Friday 10 November 2000

Émile Zola: L'Assommoir (1876)

Translation: Leonard Tancock, 1970
Edition:  Penguin, 1970
Review number: 680

Zola's novel caused such a commotion and was considered so immoral that its original serial publication was halted. Over the next century, it has proved sufficiently influential that the reason for this is to a large extent hidden, particularly in translation. Zola's story treats of the Parisian slums, and it is written in the language which would have been used by the characters, not in the equivalent of the exaggerated, cleaned up Cockney used by English writers but one which used the vocabulary of the streets. To use swearing and slang in literary fiction is not now something shocking, but in the 1870s it was totally unheard of to use such words in print.

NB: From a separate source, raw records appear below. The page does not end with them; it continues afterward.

(* Consider a Factored Non-stationary MDP whose data are generated by the structural equations below, and suppose that all change factors $\boldsymbol{\theta}^s_t$ and $\boldsymbol{\theta}^r_t$ are observed (so the joint process of states, actions, rewards and change factors is a Markov process). Assume the causal Markov condition and faithfulness hold for the dynamic Bayesian network $\mathcal{G}$ with respect to the joint distribution of all these variables (i.e., conditional independences among the variables correspond exactly to d-separations in $\mathcal{G}$ unrolled over time). Then all binary masks $\boldsymbol{C}^{\boldsymbol{s}\to\boldsymbol{s}}$, $\boldsymbol{C}^{\boldsymbol{a}\to\boldsymbol{s}}$, $\boldsymbol{C}^{\boldsymbol{\theta}^s\to\boldsymbol{s}}$, $\boldsymbol{c}^{\boldsymbol{s}\to r}$, $\boldsymbol{c}^{\boldsymbol{a}\to r}$, $\boldsymbol{C}^{\boldsymbol{\theta}^s\to\boldsymbol{\theta}^s}$ and $\boldsymbol{C}^{\boldsymbol{\theta}^r\to\boldsymbol{\theta}^r}$ are identifiable from the joint distribution of the observed variables; that is, the causal graph $\mathcal{G}$ can be fully recovered.
   Context: States $\boldsymbol{s}_t=(s_{1,t},\dots,s_{d,t})\in\mathbb{R}^d$, actions $\boldsymbol{a}_t\in\mathbb{R}^m$, rewards $r_t\in\mathbb{R}$, dynamics change factors $\boldsymbol{\theta}^s_t\in\mathbb{R}^p$, reward change factors $\boldsymbol{\theta}^r_t\in\mathbb{R}^q$. The generative process is, for $i=1,\dots,d$, $j=1,\dots,p$, $k=1,\dots,q$: $s_{i,t}=f_i(\boldsymbol{c}^{\boldsymbol{s}\to\boldsymbol{s}}_i\odot\boldsymbol{s}_{t-1},\ \boldsymbol{c}^{\boldsymbol{a}\to\boldsymbol{s}}_i\odot\boldsymbol{a}_{t-1},\ \boldsymbol{c}^{\boldsymbol{\theta}^s\to\boldsymbol{s}}_i\odot\boldsymbol{\theta}^s_t,\ \epsilon^s_{i,t})$; $r_t=h(\boldsymbol{c}^{\boldsymbol{s}\to r}\odot\boldsymbol{s}_t,\ \boldsymbol{c}^{\boldsymbol{a}\to r}\odot\boldsymbol{a}_t,\ \boldsymbol{\theta}^r_t,\ \epsilon^r_t)$; $\theta^s_{j,t}=g^s(\boldsymbol{c}^{\boldsymbol{\theta}^s\to\boldsymbol{\theta}^s}_j\odot\boldsymbol{\theta}^s_{t-1},\ \epsilon^{\theta^s}_t)$; $\theta^r_{k,t}=g^r(\boldsymbol{c}^{\boldsymbol{\theta}^r\to\boldsymbol{\theta}^r}_k\odot\boldsymbol{\theta}^r_{t-1},\ \epsilon^{\theta^r}_t)$, where $\odot$ is the elementwise product, $f_i,h,g^s,g^r$ are (nonlinear) functions, and all noise terms are i.i.d. and mutually independent. The binary masks $\boldsymbol{c}^{\boldsymbol{s}\to\boldsymbol{s}}_i\in\{0,1\}^d$, $\boldsymbol{c}^{\boldsymbol{a}\to\boldsymbol{s}}_i\in\{0,1\}^m$, $\boldsymbol{c}^{\boldsymbol{\theta}^s\to\boldsymbol{s}}_i\in\{0,1\}^p$, $\boldsymbol{c}^{\boldsymbol{s}\to r}\in\{0,1\}^d$, $\boldsymbol{c}^{\boldsymbol{a}\to r}\in\{0,1\}^m$, $\boldsymbol{c}^{\boldsymbol{\theta}^s\to\boldsymbol{\theta}^s}_j\in\{0,1\}^p$, $\boldsymbol{c}^{\boldsymbol{\theta}^r\to\boldsymbol{\theta}^r}_k\in\{0,1\}^q$ are time-invariant and grouped into matrices $\boldsymbol{C}^{\boldsymbol{s}\to\boldsymbol{s}}=[\boldsymbol{c}^{\boldsymbol{s}\to\boldsymbol{s}}_i]_{i=1}^d$, $\boldsymbol{C}^{\boldsymbol{a}\to\boldsymbol{s}}=[\boldsymbol{c}^{\boldsymbol{a}\to\boldsymbol{s}}_i]_{i=1}^d$, $\boldsymbol{C}^{\boldsymbol{\theta}^s\to\boldsymbol{s}}=[\boldsymbol{c}^{\boldsymbol{\theta}^s\to\boldsymbol{s}}_i]_{i=1}^d$, $\boldsymbol{C}^{\boldsymbol{\theta}^s\to\boldsymbol{\theta}^s}=[\boldsymbol{c}^{\boldsymbol{\theta}^s\to\boldsymbol{\theta}^s}_j]_{j=1}^p$, $\boldsymbol{C}^{\boldsymbol{\theta}^r\to\boldsymbol{\theta}^r}=[\boldsymbol{c}^{\boldsymbol{\theta}^r\to\boldsymbol{\theta}^r}_k]_{k=1}^q$. The dynamic Bayesian network $\mathcal{G}$ has an edge from a variable to the left-hand-side variable of an equation exactly when the corresponding mask entry equals $1$ (each component of $\boldsymbol{\theta}^r_t$ is a parent of $r_t$). Standing assumptions: the graph is time-invariant, there are no unobserved confounders, there are no instantaneous causal effects among state, action and reward variables, and actions are not caused by any other variable of the system. *)

From mathcomp Require Import all_boot all_order all_algebra.
Set Implicit Arguments. Unset Strict Implicit. Unset Printing Implicit Defensive.

(* Variables of the unrolled dynamic Bayesian network, indexed by time t : nat *)
Inductive fvar (d m p q : nat) : Type :=
| Sv  of 'I_d & nat
| Av  of 'I_m & nat
| Rv  of nat
| THs of 'I_p & nat
| THr of 'I_q & nat.

(* Row i of a matrix is the mask vector c_i:
   Css i j  : s_{j,t-1}       -> s_{i,t}
   Cas i k  : a_{k,t-1}       -> s_{i,t}
   Cths i k : theta^s_{k,t}   -> s_{i,t}
   csr 0 i  : s_{i,t}         -> r_t
   car 0 k  : a_{k,t}         -> r_t
   Ctt j k  : theta^s_{k,t-1} -> theta^s_{j,t}
   Crr j k  : theta^r_{k,t-1} -> theta^r_{j,t} *)
Record masks (d m p q : nat) := Masks {
  Css  : 'M[bool]_(d, d);
  Cas  : 'M[bool]_(d, m);
  Cths : 'M[bool]_(d, p);
  csr  : 'rV[bool]_d;
  car  : 'rV[bool]_m;
  Ctt  : 'M[bool]_(p, p);
  Crr  : 'M[bool]_(q, q) }.

Definition edge d m p q (M : masks d m p q) (u v : fvar d m p q) : Prop :=
  match u, v with
  | Sv j t, Sv i t' => t' = t.+1 /\ Css M i j
  | Av k t, Sv i t' => t' = t.+1 /\ Cas M i k
  | THs k t, Sv i t' => t' = t /\ Cths M i k
  | Sv i t, Rv t' => t' = t /\ csr M ord0 i
  | Av k t, Rv t' => t' = t /\ car M ord0 k
  | THr k t, Rv t' => t' = t
  | THs k t, THs j t' => t' = t.+1 /\ Ctt M j k
  | THr k t, THr j t' => t' = t.+1 /\ Crr M j k
  | _, _ => False
  end.

Section Dsep.
Variables (V : Type) (E : V -> V -> Prop).

Fixpoint inlist (x : V) (s : seq V) : Prop :=
  match s with [::] => False | y :: s' => y = x \/ inlist x s' end.

Fixpoint nodupP (s : seq V) : Prop :=
  match s with [::] => True | y :: s' => ~ inlist y s' /\ nodupP s' end.

Fixpoint is_trail (s : seq V) : Prop :=
  match s with
  | x :: ((y :: _) as s') => (E x y \/ E y x) /\ is_trail s'
  | _ => True
  end.

Inductive desc : V -> V -> Prop :=
| desc_refl x : desc x x
| desc_step x y z : E x y -> desc y z -> desc x z.

Definition blocked (x0 : V) (Z : seq V) (s : seq V) : Prop :=
  exists i, 0 < i /\ i.+1 < size s /\
    let u := nth x0 s i.-1 in let w := nth x0 s i in let v := nth x0 s i.+1 in
    (E u w /\ E v w /\ ~ (exists z, inlist z Z /\ desc w z))
    \/ (~ (E u w /\ E v w) /\ inlist w Z).

Definition dsep (x0 : V) (X Y Z : seq V) : Prop :=
  forall x y l, inlist x X -> inlist y Y ->
    is_trail (x :: l ++ [:: y]) -> nodupP (x :: l ++ [:: y]) ->
    blocked x0 Z (x :: l ++ [:: y]).

Definition disjointP (X Y : seq V) : Prop := forall v, inlist v X -> ~ inlist v Y.

End Dsep.

(* The conditional-independence model CI (CI X Y Z : "X is independent of Y given
   Z" in the joint distribution) satisfies the causal Markov condition and
   faithfulness w.r.t. the unrolled graph: independences = d-separations. *)
Definition markov_faithful d m p q
    (CI : seq (fvar d m p q) -> seq (fvar d m p q) -> seq (fvar d m p q) -> Prop)
    (M : masks d m p q) : Prop :=
  forall X Y Z, disjointP X Y -> disjointP X Z -> disjointP Y Z ->
    (CI X Y Z <-> dsep (edge M) (Rv d m p q 0) X Y Z).

From mathcomp Require Import all_boot all_order all_algebra.
From Stdlib Require Import Classical Lia.
From mathcomp Require Import zify.
Set Implicit Arguments. Unset Strict Implicit.

(* Every edge of the unrolled network goes forward in the topological order
   3t (actions, change factors) < 3t+1 (states) < 3t+2 (reward).  In a graph
   ranked this way, if u precedes v and is not a parent of v, then the parents
   of v d-separate u from v: on a trail from u to v, the last vertex before v
   is either a parent of v (a non-collider in the conditioning set), or the
   trail enters v from a child of v, and then walking back along the trail one
   meets a collider whose rank exceeds that of v, hence none of whose
   descendants is a parent of v.  Adjacent vertices are never d-separated, so
   faithfulness to two graphs forces them to have the same edges, and every
   mask entry is read off one edge. *)

Lemma exists_inlist_filter (V : Type) (P : V -> Prop) (L : seq V) :
  exists Z, forall z, inlist z Z <-> inlist z L /\ P z.
Proof.
elim: L => [|x L [Z HZ]]; first by exists [::] => z /=; tauto.
case: (classic (P x)) => Px; [exists (x :: Z) | exists Z] => z /=; rewrite HZ.
- by split; [case=> [<-|[]] | case; case=> [<-|]]; auto.
- by split; [tauto | case; case=> [<-|] //; tauto].
Qed.

Lemma inlist_cat (T : Type) (x : T) (s1 s2 : seq T) :
  inlist x s1 \/ inlist x s2 -> inlist x (s1 ++ s2).
Proof. by elim: s1 => [|y s1 IH] /=; [case | case=> [[]|]; auto]. Qed.

Lemma inlist_map_enum (I : finType) (T : Type) (f : I -> T) i :
  inlist (f i) (map f (enum I)).
Proof.
have : i \in enum I by rewrite mem_enum.
elim: (enum I) => [|j s IH] //=; rewrite in_cons => /orP [/eqP ->|/IH]; auto.
Qed.

Section RankedGraph.
Variables (V : Type) (E : V -> V -> Prop) (rank : V -> nat).
Hypothesis edge_rank : forall x y, E x y -> (rank x < rank y)%coq_nat.

Lemma desc_rank_le x y : desc E x y -> (rank x <= rank y)%coq_nat.
Proof. elim=> [z|a b c Eab _ IH]; [lia|]. have := edge_rank Eab; lia. Qed.

Lemma is_trail_nth x0 s : is_trail E s -> forall k, k.+1 < size s ->
  E (nth x0 s k) (nth x0 s k.+1) \/ E (nth x0 s k.+1) (nth x0 s k).
Proof.
elim: s => [|x s IH] //=.
case: s IH => [|y s] IH //= [Exy Hs] [|k] Hk //=.
exact: (IH Hs k).
Qed.

Lemma adjacent_not_dsep x0 u v Z : u <> v -> E u v ->
  ~ dsep E x0 [:: u] [:: v] Z.
Proof.
move=> Nuv Euv /(_ u v [::] (or_introl erefl) (or_introl erefl)) Hsep.
have trail_uv : is_trail E [:: u; v] by split => //; left.
have nodup_uv : nodupP [:: u; v] by split; [case=> // /esym | split].
have [i [i_gt0 [i_lt2 _]]] := Hsep trail_uv nodup_uv.
by move: i_lt2 => /=; lia.
Qed.

Section ParentsSeparate.
Variables (x0 u v : V) (Z : seq V).
Hypothesis rank_uv : (rank u < rank v)%coq_nat.
Hypothesis not_Euv : ~ E u v.
Hypothesis parentsZ : forall z, inlist z Z <-> E z v.

(* Descent on k: a backward edge cannot end at u, which ranks below v, so
   going back one meets a collider ranked above v, none of whose descendants
   can be a parent of v. *)
Lemma blocked_of_backward_edge s : is_trail E s -> nth x0 s 0 = u ->
  forall k, k.+1 < size s -> E (nth x0 s k.+1) (nth x0 s k) ->
  (rank v <= rank (nth x0 s k.+1))%coq_nat -> blocked E x0 Z s.
Proof.
move=> Hs s0 k; elim: k => [|k IH] Hk Eback rank_ge.
  by have := edge_rank Eback; rewrite s0; lia.
have Hk' : k.+1 < size s by lia.
case: (is_trail_nth x0 Hs Hk') => Eprev; last first.
  by apply: IH => //; have := edge_rank Eback; lia.
exists k.+1; do 2 split => //; left; do 2 split => //.
move=> [z [/parentsZ Ezv /desc_rank_le desc_le]].
have := edge_rank Eback; have := edge_rank Ezv; lia.
Qed.

Lemma dsep_parents : dsep E x0 [:: u] [:: v] Z.
Proof.
move=> x y l [<-|//] [<-|//] + _.
set s := u :: l ++ [:: v] => Hs.
have s0 : nth x0 s 0 = u by [].
have s_last : nth x0 s (size l).+1 = v by rewrite /= nth_cat ltnn subnn.
have size_s : size s = (size l).+2 by rewrite /= size_cat addn1.
have Hlast : (size l).+1 < size s by rewrite size_s.
case: (is_trail_nth x0 Hs Hlast); rewrite s_last => Elast; last first.
  by apply: (blocked_of_backward_edge Hs s0 Hlast); rewrite s_last //; lia.
have [l0|l_gt0] := posnP (size l); first by move: Elast; rewrite l0.
exists (size l); do 2 split => //.
right; split; last by apply/parentsZ.
rewrite s_last => -[_ Evw].
have := edge_rank Evw; have := edge_rank Elast; lia.
Qed.

End ParentsSeparate.

End RankedGraph.

Section FactoredNMDP.
Variables (d m p q : nat).
Implicit Types (M : masks d m p q) (x y : fvar d m p q).

Definition fvar_rank x : nat :=
  match x with
  | Sv _ t => 3 * t + 1 | Av _ t => 3 * t | Rv t => 3 * t + 2
  | THs _ t => 3 * t | THr _ t => 3 * t end.

Definition fvar_time x : nat :=
  match x with
  | Sv _ t => t | Av _ t => t | Rv t => t | THs _ t => t | THr _ t => t end.

Lemma edge_fvar_rank M x y : edge M x y -> (fvar_rank x < fvar_rank y)%coq_nat.
Proof.
case: x => [i t|i t|t|i t|i t]; case: y => [i' t'|i' t'|t'|i' t'|i' t'] //=;
  try (case=> -> _ ; lia); move=> ->; lia.
Qed.

Lemma edge_fvar_time M x y : edge M x y ->
  fvar_time x = fvar_time y \/ fvar_time x = (fvar_time y).-1.
Proof.
case: x => [i t|i t|t|i t|i t]; case: y => [i' t'|i' t'|t'|i' t'|i' t'] //=;
  try (case=> -> _ ; simpl; lia); move=> ->; lia.
Qed.

Definition vars_at t : seq (fvar d m p q) :=
  map (fun i => Sv m p q i t) (enum 'I_d) ++
  map (fun i => Av d p q i t) (enum 'I_m) ++
  [:: Rv d m p q t] ++
  map (fun i => THs d m q i t) (enum 'I_p) ++
  map (fun i => THr d m p i t) (enum 'I_q).

Lemma inlist_vars_at x : inlist x (vars_at (fvar_time x)).
Proof.
rewrite /vars_at; case: x => [i t|i t|t|i t|i t] /=;
  do ?[by left | by apply: inlist_map_enum | apply: inlist_cat; first [
      by left; apply: inlist_map_enum | right] | right].
Qed.

Lemma exists_parents M y : exists Z, forall z, inlist z Z <-> edge M z y.
Proof.
have [Z HZ] := exists_inlist_filter (fun z => edge M z y)
  (vars_at (fvar_time y).-1 ++ vars_at (fvar_time y)).
exists Z => z; rewrite HZ; split=> [[]//|Ezy]; split=> //.
by apply: inlist_cat; case: (edge_fvar_time Ezy) => <-;
  [right | left]; exact: inlist_vars_at.
Qed.

Lemma edge_sub_of_markov_faithful CI M1 M2 :
  markov_faithful CI M1 -> markov_faithful CI M2 ->
  forall x y, edge M1 x y -> edge M2 x y.
Proof.
move=> MF1 MF2 x y E1xy; apply: NNPP => N2xy.
have rank_xy := edge_fvar_rank E1xy.
have [Z parentsZ] := exists_parents M2 y.
have dj_xy : disjointP [:: x] [:: y] by move=> w /= [<-|//] [Hw|//]; subst; lia.
have dj_xZ : disjointP [:: x] Z by move=> w /= [<-|//] /parentsZ.
have dj_yZ : disjointP [:: y] Z.
  by move=> w /= [<-|//] /parentsZ /edge_fvar_rank; lia.
apply: (@adjacent_not_dsep _ _ (Rv d m p q 0) x y Z _ E1xy).
  by move=> Exy; subst; lia.
apply/(MF1 _ _ _ dj_xy dj_xZ dj_yZ)/(MF2 _ _ _ dj_xy dj_xZ dj_yZ).
exact: (dsep_parents (@edge_fvar_rank M2) _ rank_xy N2xy parentsZ).
Qed.

Lemma masks_eq_of_edge_iff M1 M2 :
  (forall x y, edge M1 x y <-> edge M2 x y) ->
  Css M1 = Css M2 /\ Cas M1 = Cas M2 /\ Cths M1 = Cths M2 /\
  csr M1 = csr M2 /\ car M1 = car M2 /\ Ctt M1 = Ctt M2 /\ Crr M1 = Crr M2.
Proof.
move=> E12.
have mask_eq k n (C : masks d m p q -> 'M[bool]_(k, n)) f g :
    (forall M i j, edge M (f j) (g i) <-> C M i j) -> C M1 = C M2.
  move=> HC; apply/matrixP => i j.
  by apply/idP/idP => [/HC/E12/HC | /HC/E12/HC].
do !split.
- apply: (mask_eq _ _ (@Css _ _ _ _) (fun j => Sv m p q j 0) (fun i => Sv m p q i 1)).
  by move=> N i j /=; intuition.
- apply: (mask_eq _ _ (@Cas _ _ _ _) (fun j => Av d p q j 0) (fun i => Sv m p q i 1)).
  by move=> N i j /=; intuition.
- apply: (mask_eq _ _ (@Cths _ _ _ _) (fun j => THs d m q j 0) (fun i => Sv m p q i 0)).
  by move=> N i j /=; intuition.
- apply: (mask_eq _ _ (@csr _ _ _ _) (fun j => Sv m p q j 0) (fun=> Rv d m p q 0)).
  by move=> N i j /=; rewrite (ord1 i); intuition.
- apply: (mask_eq _ _ (@car _ _ _ _) (fun j => Av d p q j 0) (fun=> Rv d m p q 0)).
  by move=> N i j /=; rewrite (ord1 i); intuition.
- apply: (mask_eq _ _ (@Ctt _ _ _ _) (fun j => THs d m q j 0) (fun i => THs d m q i 1)).
  by move=> N i j /=; intuition.
- apply: (mask_eq _ _ (@Crr _ _ _ _) (fun j => THr d m p j 0) (fun i => THr d m p i 1)).
  by move=> N i j /=; intuition.
Qed.

End FactoredNMDP.

Theorem proposition1 (d m p q : nat)
    (CI : seq (fvar d m p q) -> seq (fvar d m p q) -> seq (fvar d m p q) -> Prop)
    (M1 M2 : masks d m p q) :
  markov_faithful CI M1 -> markov_faithful CI M2 ->
  Css M1 = Css M2 /\ Cas M1 = Cas M2 /\ Cths M1 = Cths M2 /\
  csr M1 = csr M2 /\ car M1 = car M2 /\ Ctt M1 = Ctt M2 /\ Crr M1 = Crr M2.
Proof.
move=> MF1 MF2; apply: masks_eq_of_edge_iff => x y.
by split; [exact: (edge_sub_of_markov_faithful MF1 MF2) |
  exact: (edge_sub_of_markov_faithful MF2 MF1)].
Qed.
Lemma unit_interval_uniform_continuity (V : normedModType R) (g : R -> V) :
  {within I, continuous g} -> forall e, 0 < e ->
  \forall N \near \oo, forall s t, I s -> I t -> `|s - t| <= N%:R^-1 -> `|g s - g t| < e.
Proof.
move=> gc e e0.
pose P (n : nat) (x : R) := forall t, I t -> `|x - t| <= n%:R^-1 -> `|g x - g t| < e.
have /compact_near_coveringP/near_covering_withinP cover := unit_interval_compact.
suff : \forall n \near \oo, I `<=` P n.
  by apply: filterS => n IP s t Is It st; exact: IP s Is t It st.
apply: (cover nat \oo P) => x Ix.
have e2 : 0 < e / 2 by rewrite divr_gt0.
have [d /= d0 gd] : exists2 d, 0 < d & forall y, I y -> `|x - y| < d -> `|g x - g y| < e / 2.
  have /nbhs_ballP[d /= d0 gd] :=
    (subspace_continuousP _ _).1 gc x Ix (ball (g x) (e / 2)) (nbhsx_ballx _ _ e2).
  by exists d => // y Iy xy; have := gd y; rewrite -!ball_normE; apply.
exists (ball x (d / 2), [set n : nat | (d / 2)^-1 < n%:R]).
  by split => /=; [apply: nbhsx_ballx; rewrite divr_gt0 | exact: nbhs_infty_gtr].
move=> [x' n] [/= + n_large] Ix' t It x't; rewrite -ball_normE /= => xx'.
have n0 : 0 < n%:R :> R by apply: lt_trans n_large; rewrite invr_gt0 divr_gt0.
have n_small : n%:R^-1 < d / 2 by rewrite invf_plt ?posrE ?divr_gt0.
have gx' : `|g x - g x'| < e / 2 by apply: gd => //; lra.
have gt : `|g x - g t| < e / 2.
  by apply: gd => //; apply: le_lt_trans (ler_distD x' x t) _; lra.
by apply: le_lt_trans (ler_distD (g x) (g x') (g t)) _; rewrite distrC; lra.
Qed.

Lemma far_from_closed (V : normedModType R) (K : set V) p : closed K -> ~ K p ->
  exists2 m, 0 < m & forall q, K q -> m <= `|q - p|.
Proof.
move=> cK Kp; have := closed_openC cK; rewrite openE => /(_ p Kp) /nbhs_ballP[m /= m0 mK].
exists m => // q Kq; rewrite leNgt distrC; apply/negP => pq.
by apply: (mK q) => //; rewrite -ball_normE.
Qed.

Lemma connected_locally_constant (T : topologicalType) (A : set T) (G : T -> Prop) :
  connected A -> (forall p, A p -> \forall q \near p, G q <-> G p) ->
  forall a b, A a -> A b -> G a -> G b.
Proof.
move=> cA loc a b Aa Ab Ga.
suff AG : A `&` G = A by move: Ab; rewrite -AG => -[].
apply: cA; first by exists a.
- exists [set p | \forall q \near p, A q -> G q]; first exact: open_interior.
  apply/seteqP; split => p [Ap Gp]; split => //.
    by apply: filterS (loc p Ap) => q qp _; apply/qp.
  exact: nbhs_singleton Gp Ap.
- exists (~` [set p | \forall q \near p, A q -> ~ G q]).
    exact/open_closedC/open_interior.
  apply/seteqP; split => p [Ap Gp]; split => //.
    by move=> /nbhs_singleton /(_ Ap).
  apply: contrapT => nGp; apply: Gp.
  by apply: filterS (loc p Ap) => q qp _ /qp.
Qed.
(* A rooted tree on a finite vertex type V is given by a parent map [par]
   and a root [r0]; the root is its own parent (sentinel). *)
Section Tree.
Variables (V : finType) (par : V -> V) (r0 : V).

(* u ⪯_T w : w is an ancestor of u (or u itself). *)
Definition anc (u w : V) : bool := [exists n : 'I_#|V|, iter n par u == w].

Definition child (v u : V) : bool := (par u == v) && (u != v).

Definition leaf (u : V) : bool := (u != r0) && [forall w, ~~ child u w].

Definition rooted_tree : Prop :=
  par r0 = r0 /\ (forall v, par v = v -> v = r0) /\ (forall v, anc v r0).

(* planted phylogenetic tree: root of degree 1, every other inner vertex of
   degree >= 3 (one parent + >= 2 children), at least two leaves. *)
Definition planted_phylo : Prop :=
  rooted_tree /\ #|[pred u | child r0 u]| = 1 /\
  (forall v, v != r0 -> ~~ leaf v -> 2 <= #|[pred u | child v u]|) /\
  2 <= #|[pred u | leaf u]|.

Definition is_lca (A : seq V) (v : V) : bool :=
  all (fun a => anc a v) A &&
  [forall w, all (fun a => anc a w) A ==> anc v w].

Variables (C : eqType) (sigma : V -> C).

Definition best_match (x y : V) : bool :=
  leaf x && leaf y && (sigma x != sigma y) &&
  [forall y', (leaf y' && (sigma y' == sigma y)) ==>
     [forall u, [forall w, is_lca [:: x; y] u ==> is_lca [:: x; y'] w ==> anc u w]]].

Definition rbmg_edge (x y : V) : bool := best_match x y && best_match y x.

Definition rbmg_connected : Prop :=
  forall x y, leaf x -> leaf y -> connect rbmg_edge x y.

It is not just the language used in L'Assommoir which was considered shocking. There is a fair amount of sex in the novel, both inside and outside marriage, for one thing; and the whole story is the tale of a woman's gradual degredation through laziness and drink. (The title is a slang term for a shop which sells alcohol.) Gervaise is basically the principal agent of her own destruction; she is not the virtuous saint so often portrayed in novels about working class life from this period - there is no way that she has a strong enough character to rise above her circumstances. (There is one character who is a bit like this in L'Assommoir, a child who is bringing up two younger sisters despite the beatings and starvation imposed on her by her alcoholic father, and typically she does not receive any reward except an early death.) Gervaise is a more realistic character, and her background is also more realistic. It is not the evil capitalist who grinds down the workers and makes their situation impossible. Characters around Gervaise are relatively comfortable, and even she is well enough off at one point to rent a shop. The character who most nearly approximates the grasping capitalist is one of Gervaise's landlords, and he makes a point of his own poor origins.

The two great virtues of L'Assommoir are its rejection of stereotypes and Zola's vivid writing, which even comes through in translation. It is easy to see why it has had such a strong influence. It is a depressing and uncomfortable read, however, and so is the sort of novel one is pleased to have read but would probably not pick up again for a long time.